- **Work task**:
Needed from the data below: every line from the one with "apply Rint_abs_le_Rpower; [exact" up to and including the one with "assert (HDy : 0", repeated exactly and with nothing else.

[Saved data entries]
- - -

(* Let $\alpha<\tfrac12$. For every $k\in\mathbb N$ and every $\varepsilon>0$, $\widetilde\varphi_k(x)=O(x^\varepsilon)$ as $x\to\infty$.
   Context: $\mathrm m(x):=x^{1-4\alpha}e^{-1/(2x^2)}$ for $x>0$. The canonical $*$-moment functions are defined recursively by $\widetilde\varphi_{-1}:\equiv0$, $\widetilde\varphi_0:\equiv1$ and, for $k\in\mathbb N$ and $x\ge0$, $$\widetilde\varphi_k(x):=4k\int_0^x\frac1{y^2\mathrm m(y)}\int_0^y\mathrm m(\xi)\bigl[(1-2\alpha)\widetilde\varphi_{k-1}(\xi)+(k-1)\widetilde\varphi_{k-2}(\xi)\bigr]d\xi\,dy.$$ *)

From Stdlib Require Import Reals ClassicalEpsilon.
Open Scope R_scope.

(* Total Riemann integral: RiemannInt when f is Riemann integrable on [a,b],
   0 otherwise (RiemannInt does not depend on the integrability proof). *)
Definition Rint (f : R -> R) (a b : R) : R :=
  match excluded_middle_informative (exists p : Riemann_integrable f a b, True) with
  | left H => RiemannInt (proj1_sig (constructive_indefinite_description _ H))
  | right _ => 0
  end.

Definition mfun (alpha x : R) : R :=
  Rpower x (1 - 4 * alpha) * exp (- / (2 * x ^ 2)).

(* phi_pair alpha k = (phi_{k-1}, phi_k) *)
Fixpoint phi_pair (alpha : R) (k : nat) : (R -> R) * (R -> R) :=
  match k with
  | O => (fun _ => 0, fun _ => 1)
  | S j =>
      let (p, q) := phi_pair alpha j in
      (q, fun x => 4 * INR (S j) *
            Rint (fun y => / (y ^ 2 * mfun alpha y) *
                    Rint (fun xi => mfun alpha xi *
                            ((1 - 2 * alpha) * q xi + INR j * p xi)) 0 y) 0 x)
  end.

Definition phi (alpha : R) (k : nat) : R -> R := snd (phi_pair alpha k).

(** Write [m(t) = t^b e^{-1/(2t^2)}] with [b = 1 - 4 alpha > -1].  Comparing with
    the antiderivatives of [t^(b+3) e^{-1/(2t^2)}] near [0] and of
    [t^(b+1) e^{-1/(2t^2)}] near infinity gives
    [|int_0^y m h| <= K sup|h| y^2 m(y) / (1 + y)].  Hence if [phi_(k-1)] and
    [phi_(k-2)] are [O((1+t)^d)], the outer integrand of [phi_k] is
    [O((1+y)^(d-1))], so [phi_k] is again [O((1+x)^d)]. *)

From Stdlib Require Import Reals Lra ClassicalEpsilon.
From Coquelicot Require Import Coquelicot.
Open Scope R_scope.

(** The comparison only needs [G' = g] on [(0, y]]: the integral over [(0, a)]
    is at most [a] times a bound of [f], and [a] can be taken arbitrarily small. *)
Lemma Rint_abs_le_antiderivative (f G g : R -> R) (y : R) : 0 < y ->
  (forall t, 0 < t <= y -> is_derive G t (g t)) ->
  (forall t, 0 < t <= y -> continuous g t) ->
  (forall t, 0 < t <= y -> 0 <= G t) ->
  (forall t, 0 < t < y -> Rabs (f t) <= g t) ->
  Rabs (Rint f 0 y) <= G y.
Proof.
  intros Hy HG Hg HG0 Hf.
  unfold Rint. destruct excluded_middle_informative as [H|H].
  2:{ rewrite Rabs_R0. apply HG0; lra. }
  set (pr := proj1_sig _).
  rewrite <- RInt_Reals.
  assert (Hex : ex_RInt f 0 y) by (apply ex_RInt_Reals_1; exact pr).
  destruct (ex_RInt_ub f 0 y Hex) as [M HM].
  rewrite Rmin_left, Rmax_right in HM by lra.
  assert (HM0 : 0 <= M) by (apply Rle_trans with (norm (f 0)); [apply norm_ge_0 | apply HM; lra]).
  assert (split_bound : forall a, 0 < a < y -> Rabs (RInt f 0 y) <= a * M + G y).
  { intros a Ha.
    assert (E1 : ex_RInt f 0 a) by (apply (ex_RInt_Chasles_1 f 0 a y); [lra | exact Hex]).
    assert (E2 : ex_RInt f a y) by (apply (ex_RInt_Chasles_2 f 0 a y); [lra | exact Hex]).
    rewrite <- (RInt_Chasles f 0 a y E1 E2).
    assert (Hg' : is_RInt g a y (minus (G y) (G a))).
    { apply (is_RInt_derive G g a y); intros t Ht;
        rewrite Rmin_left, Rmax_right in Ht by lra; [apply HG | apply Hg]; lra. }
    assert (near0 : Rabs (RInt f 0 a) <= (a - 0) * M).
    { apply abs_RInt_le_const; try lra; auto. intros t Ht. apply HM; lra. }
    assert (away0 : Rabs (RInt f a y) <= G y - G a).
    { eapply Rle_trans; [apply abs_RInt_le; [lra | exact E2] |].
      replace (G y - G a) with (RInt g a y) by exact (is_RInt_unique g a y _ Hg').
      apply RInt_le; [lra | apply ex_RInt_norm, E2 | eexists; exact Hg' |].
      intros t Ht. apply Hf; lra. }
    assert (0 <= G a) by (apply HG0; lra).
    eapply Rle_trans; [apply Rabs_triang |]. unfold plus; simpl. lra. }
  apply Rle_plus_epsilon. intros e He.
  set (a := Rmin (y / 2) (e / (M + 1))).
  assert (Ha0 : 0 < a) by (apply Rmin_case; [lra | apply Rdiv_lt_0_compat; lra]).
  assert (HaM : a * M <= e).
  { apply Rle_trans with (e / (M + 1) * (M + 1)).
    - apply Rmult_le_compat; [lra | lra | apply Rmin_r | lra].
    - right. field. lra. }
  assert (Hay : a < y) by (apply Rle_lt_trans with (y / 2); [apply Rmin_l | lra]).
  pose proof (split_bound a (conj Ha0 Hay)). lra.
Qed.

Definition mweight (c t : R) : R := exp (c * ln t - / (2 * t ^ 2)).

Definition mweight_deriv (c t : R) : R := mweight c t * (c / t + / t ^ 3).

Lemma mweight_pos c t : 0 < mweight c t.
Proof. apply exp_pos. Qed.

Lemma mfun_mweight alpha t : 0 < t -> mfun alpha t = mweight (1 - 4 * alpha) t.
Proof. intros Ht. unfold mfun, mweight, Rpower. rewrite <- exp_plus. f_equal. Qed.

Lemma mweight_shift c n t : 0 < t -> mweight (c + INR n) t = mweight c t * t ^ n.
Proof.
  intros Ht. unfold mweight. rewrite <- (Rpower_pow n t Ht). unfold Rpower.
  rewrite <- exp_plus. f_equal. ring.
Qed.

Lemma is_derive_mweight c t : 0 < t -> is_derive (mweight c) t (mweight_deriv c t).
Proof.
  intros Ht. unfold mweight_deriv, mweight. auto_derive.
  - repeat split; try lra; nra.
  - replace (c * ln t + - / (2 * (t * (t * 1)))) with (c * ln t - / (2 * t ^ 2))
      by (simpl; ring).
    field. lra.
Qed.

Lemma continuous_scal_mweight_deriv L c t : 0 < t ->
  continuous (fun s => L * mweight_deriv c s) t.
Proof.
  intros Ht. apply (ex_derive_continuous (K := R_AbsRing) (V := R_NormedModule)).
  unfold mweight_deriv, mweight. auto_derive.
  repeat split; try lra; try nra; apply Rgt_not_eq; apply Rmult_lt_0_compat; nra.
Qed.

Lemma Rint_abs_le_mweight (f : R -> R) (b c H L y : R) : 0 < y -> 0 <= H -> 0 < L ->
  (forall t, 0 < t < y -> Rabs (f t) <= H * mweight b t) ->
  (forall t, 0 < t < y -> L * mweight b t <= mweight_deriv c t) ->
  Rabs (Rint f 0 y) <= H / L * mweight c y.
Proof.
  intros Hy HH HL Hf Hc.
  apply Rint_abs_le_antiderivative
    with (G := fun t => H / L * mweight c t) (g := fun t => H / L * mweight_deriv c t).
  - exact Hy.
  - intros t Ht. apply is_derive_scal, is_derive_mweight. lra.
  - intros t Ht. apply continuous_scal_mweight_deriv. lra.
  - intros t Ht. apply Rmult_le_pos; [apply Rdiv_le_0_compat; lra | left; apply mweight_pos].
  - intros t Ht. apply Rle_trans with (H / L * (L * mweight b t)).
    + replace (H / L * (L * mweight b t)) with (H * mweight b t) by (field; lra). auto.
    + apply Rmult_le_compat_l; [apply Rdiv_le_0_compat; lra | auto].
Qed.

Lemma mweight_le_deriv_shift3 b t : 0 < t -> 0 <= b + 3 ->
  mweight b t <= mweight_deriv (b + 3) t.
Proof.
  intros Ht Hb. unfold mweight_deriv.
  replace (b + 3) with (b + INR 3) at 1 by (simpl; ring).
  rewrite mweight_shift by lra.
  replace (mweight b t * t ^ 3 * ((b + 3) / t + / t ^ 3))
    with (mweight b t * ((b + 3) * t ^ 2 + 1)) by (field; lra).
  pose proof (mweight_pos b t). assert (0 <= (b + 3) * t ^ 2) by nra. nra.
Qed.

Lemma mweight_le_deriv_shift1 b t : 0 < t -> 0 < 1 + b ->
  (1 + b) * mweight b t <= mweight_deriv (b + 1) t.
Proof.
  intros Ht Hb. unfold mweight_deriv.
  replace (b + 1) with (b + INR 1) at 1 by (simpl; ring).
  rewrite mweight_shift by lra.
  replace (mweight b t * t ^ 1 * ((b + 1) / t + / t ^ 3))
    with (mweight b t * ((1 + b) + / t ^ 2)) by (field; lra).
  rewrite Rmult_comm. apply Rmult_le_compat_l; [left; apply mweight_pos |].
  assert (0 < / t ^ 2) by (apply Rinv_0_lt_compat, pow_lt; lra). lra.
Qed.

(** The shift by [t^3] is sharp near [0] and the shift by [t] near infinity. *)
Lemma Rint_mfun_abs_le alpha (h : R -> R) (H y : R) : alpha < 1 / 2 -> 0 < y -> 0 <= H ->
  (forall t, 0 < t < y -> Rabs (h t) <= H) ->
  Rabs (Rint (fun xi => mfun alpha xi * h xi) 0 y) <=
    H * (2 + 2 / (2 - 4 * alpha)) / (1 + y) * (y ^ 2 * mfun alpha y).
Proof.
  intros Ha Hy HH Hh.
  set (b := 1 - 4 * alpha).
  replace (2 - 4 * alpha) with (1 + b) by (unfold b; ring).
  assert (Hb : 0 < 1 + b) by (unfold b; lra).
  assert (Hf : forall t, 0 < t < y -> Rabs (mfun alpha t * h t) <= H * mweight b t).
  { intros t Ht. rewrite Rabs_mult, mfun_mweight, Rabs_pos_eq by (lra || left; apply mweight_pos).
    rewrite Rmult_comm. apply Rmult_le_compat_r; [left; apply mweight_pos | auto]. }
  rewrite mfun_mweight by lra. fold b.
  assert (Hw : 0 < mweight b y) by apply mweight_pos.
  assert (HK : 0 < 2 / (1 + b)) by (apply Rdiv_lt_0_compat; lra).
  destruct (Rle_dec y 1) as [Hy1 | Hy1].
  - eapply Rle_trans.
    { apply (Rint_abs_le_mweight _ b (b + 3) H 1); auto; try lra.
      intros t Ht. rewrite Rmult_1_l. apply mweight_le_deriv_shift3; lra. }
    replace (b + 3) with (b + INR 3) by (simpl; ring).
    rewrite mweight_shift by lra.
    replace (H / 1 * (mweight b y * y ^ 3))
      with (H * mweight b y * y ^ 2 * (y * (1 + y)) / (1 + y)) by (field; lra).
    replace (H * (2 + 2 / (1 + b)) / (1 + y) * (y ^ 2 * mweight b y))
      with (H * mweight b y * y ^ 2 * (2 + 2 / (1 + b)) / (1 + y)) by (field; lra).
    apply Rmult_le_compat_r; [left; apply Rinv_0_lt_compat; lra |].
    apply Rmult_le_compat_l; [apply Rmult_le_pos; [apply Rmult_le_pos |]; nra | nra].
  - eapply Rle_trans.
    { apply (Rint_abs_le_mweight _ b (b + 1) H (1 + b)); auto.
      intros t Ht. apply mweight_le_deriv_shift1; lra. }
    replace (b + 1) with (b + INR 1) by (simpl; ring).
    rewrite mweight_shift by lra.
    replace (H / (1 + b) * (mweight b y * y ^ 1))
      with (H * mweight b y * y * ((1 + y) / (1 + b)) / (1 + y)) by (field; lra).
    replace (H * (2 + 2 / (1 + b)) / (1 + y) * (y ^ 2 * mweight b y))
      with (H * mweight b y * y * (y * (2 + 2 / (1 + b))) / (1 + y)) by (field; lra).
    apply Rmult_le_compat_r; [left; apply Rinv_0_lt_compat; lra |].
    apply Rmult_le_compat_l; [apply Rmult_le_pos; [apply Rmult_le_pos |]; lra |].
    replace ((1 + y) / (1 + b)) with ((1 + y) * (/ (1 + b))) by reflexivity.
    replace (y * (2 + 2 / (1 + b))) with (2 * y + 2 * y * / (1 + b)) by (field; lra).
    assert (0 < / (1 + b)) by (apply Rinv_0_lt_compat; lra). nra.
Qed.

Lemma Rint_abs_le_Rpower (g : R -> R) (B d x : R) : 0 < x -> 0 < d -> 0 <= B ->
  (forall y, 0 < y < x -> Rabs (g y) <= B * Rpower (1 + y) d / (1 + y)) ->
  Rabs (Rint g 0 x) <= B / d * Rpower (1 + x) d.
Proof.
  intros Hx Hd HB Hg.
  apply Rint_abs_le_antiderivative
    with (G := fun t => B / d * exp (d * ln (1 + t)))
         (g := fun t => B / d * (exp (d * ln (1 + t)) * (d / (1 + t)))).
  - exact Hx.
  - intros t Ht. apply is_derive_scal. auto_derive; [lra | field; lra].
  - intros t Ht. apply (ex_derive_continuous (K := R_AbsRing) (V := R_NormedModule)).
    auto_derive. repeat split; lra.
  - intros t Ht. apply Rmult_le_pos; [apply Rdiv_le_0_compat; lra | left; apply exp_pos].
  - intros y Hy. eapply Rle_trans; [apply Hg; exact Hy |].
    right. unfold Rpower. field. lra.
Qed.

Lemma Rint_phi_step_abs_le alpha (h : R -> R) (D d x : R) :
  alpha < 1 / 2 -> 0 < d -> 0 <= D -> 0 < x ->
  (forall t, 0 < t -> Rabs (h t) <= D * Rpower (1 + t) d) ->
  Rabs (Rint (fun y => / (y ^ 2 * mfun alpha y) *
                       Rint (fun xi => mfun alpha xi * h xi) 0 y) 0 x) <=
    D * (2 + 2 / (2 - 4 * alpha)) / d * Rpower (1 + x) d.
Proof.
  intros Ha Hd HD Hx Hh.
  set (K := 2 + 2 / (2 - 4 * alpha)).
  assert (HK : 0 <= K) by (assert (0 < 2 / (2 - 4 * alpha)) by (apply Rdiv_lt_0_compat; lra);
                           unfold K; lra).
  apply Rint_abs_le_Rpower; [exact Hx | exact Hd | apply Rmult_le_pos; lra |].
  intros y Hy.
  assert (Hpow : 0 < Rpower (1 + y) d) by apply exp_pos.
  assert (Hh_y : forall t, 0 < t < y -> Rabs (h t) <= D * Rpower (1 + y) d).
  { intros t Ht. eapply Rle_trans; [apply Hh; lra |].
    apply Rmult_le_compat_l; [lra | apply Rle_Rpower_l; lra]. }
  assert (HDy : 0 <= D * Rpower (1 + y) d) by (apply Rmult_le_pos; lra).
  pose proof (Rint_mfun_abs_le alpha h _ y Ha (proj1 Hy) HDy Hh_y) as Hinner.
  fold K in Hinner.
  assert (Hmy : 0 < mfun alpha y) by (rewrite mfun_mweight by lra; apply mweight_pos).
  assert (Hm : 0 < y ^ 2 * mfun alpha y) by (apply Rmult_lt_0_compat; [apply pow_lt |]; lra).
  rewrite Rabs_mult, (Rabs_pos_eq (/ _)) by (left; apply Rinv_0_lt_compat; lra).
  eapply Rle_trans; [apply Rmult_le_compat_l; [left; apply Rinv_0_lt_compat; lra | exact Hinner] |].
  right. field. repeat split; lra.
Qed.

Lemma phi_pair_growth alpha d : alpha < 1 / 2 -> 0 < d -> forall k, exists A, 0 <= A /\
  forall t, 0 < t -> Rabs (fst (phi_pair alpha k) t) <= A * Rpower (1 + t) d /\
                     Rabs (snd (phi_pair alpha k) t) <= A * Rpower (1 + t) d.
Proof.
  intros Ha Hd. induction k as [|j IH].
  - exists 1. split; [lra |]. intros t Ht. simpl. rewrite Rabs_R0, Rabs_R1.
    assert (1 <= Rpower (1 + t) d).
    { rewrite <- (Rpower_O (1 + t)) at 1 by lra. apply Rle_Rpower; lra. }
    lra.
  - destruct IH as [A [HA IH]].
    cbn [phi_pair]. destruct (phi_pair alpha j) as [p q]. cbn [fst snd] in IH |- *.
    set (D := (Rabs (1 - 2 * alpha) + INR j) * A).
    assert (HD : 0 <= D).
    { pose proof (pos_INR j). pose proof (Rabs_pos (1 - 2 * alpha)).
      apply Rmult_le_pos; lra. }
    assert (Hh : forall t, 0 < t ->
              Rabs ((1 - 2 * alpha) * q t + INR j * p t) <= D * Rpower (1 + t) d).
    { intros t Ht. destruct (IH t Ht) as [Hp Hq].
      eapply Rle_trans; [apply Rabs_triang |].
      rewrite !Rabs_mult, (Rabs_pos_eq (INR j)) by apply pos_INR.
      pose proof (pos_INR j). pose proof (Rabs_pos (1 - 2 * alpha)).
      unfold D. rewrite Rmult_assoc, Rmult_plus_distr_r.
      apply Rplus_le_compat; apply Rmult_le_compat_l; lra. }
    set (B := 4 * INR (S j) * (D * (2 + 2 / (2 - 4 * alpha)) / d)).
    exists (Rmax A B). split; [apply Rle_trans with A; [exact HA | apply Rmax_l] |].
    intros x Hx.
    assert (Hpow : 0 < Rpower (1 + x) d) by apply exp_pos.
    split.
    + eapply Rle_trans; [apply (IH x Hx) |].
      apply Rmult_le_compat_r; [lra | apply Rmax_l].
    + eapply Rle_trans; [| apply Rmult_le_compat_r; [lra | apply Rmax_r]].
      pose proof (pos_INR (S j)).
      rewrite Rabs_mult, (Rabs_pos_eq (4 * INR (S j))) by lra.
      unfold B. rewrite (Rmult_assoc (4 * INR (S j)) (D * _ / d)).
      apply Rmult_le_compat_l; [lra |].
      exact (Rint_phi_step_abs_le alpha _ D d x Ha Hd HD Hx Hh).
Qed.

Theorem mainTheorem19 (alpha : R) (halpha : alpha < 1 / 2) (k : nat) (eps : R) (heps : 0 < eps) :
  exists C M : R, 0 < M /\ forall x : R, M <= x -> Rabs (phi alpha k x) <= C * Rpower x eps.
Proof.
  destruct (phi_pair_growth alpha eps halpha heps k) as [A [HA Hgrowth]].
  exists (A * Rpower 2 eps), 1. split; [lra |].
  intros x Hx. unfold phi.
  eapply Rle_trans; [apply (Hgrowth x ltac:(lra)) |].
  rewrite Rmult_assoc, Rpower_mult_distr by lra.
  apply Rmult_le_compat_l; [exact HA | apply Rle_Rpower_l; lra].
Qed.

- - -

- **Completed exercise**:
  apply Rint_abs_le_Rpower; [exact Hx | exact Hd | apply Rmult_le_pos; lra |].
  intros y Hy.
  assert (Hpow : 0 < Rpower (1 + y) d) by apply exp_pos.
  assert (Hh_y : forall t, 0 < t < y -> Rabs (h t) <= D * Rpower (1 + y) d).
  { intros t Ht. eapply Rle_trans; [apply Hh; lra |].
    apply Rmult_le_compat_l; [lra | apply Rle_Rpower_l; lra]. }
  assert (HDy : 0 <= D * Rpower (1 + y) d) by (apply Rmult_le_pos; lra).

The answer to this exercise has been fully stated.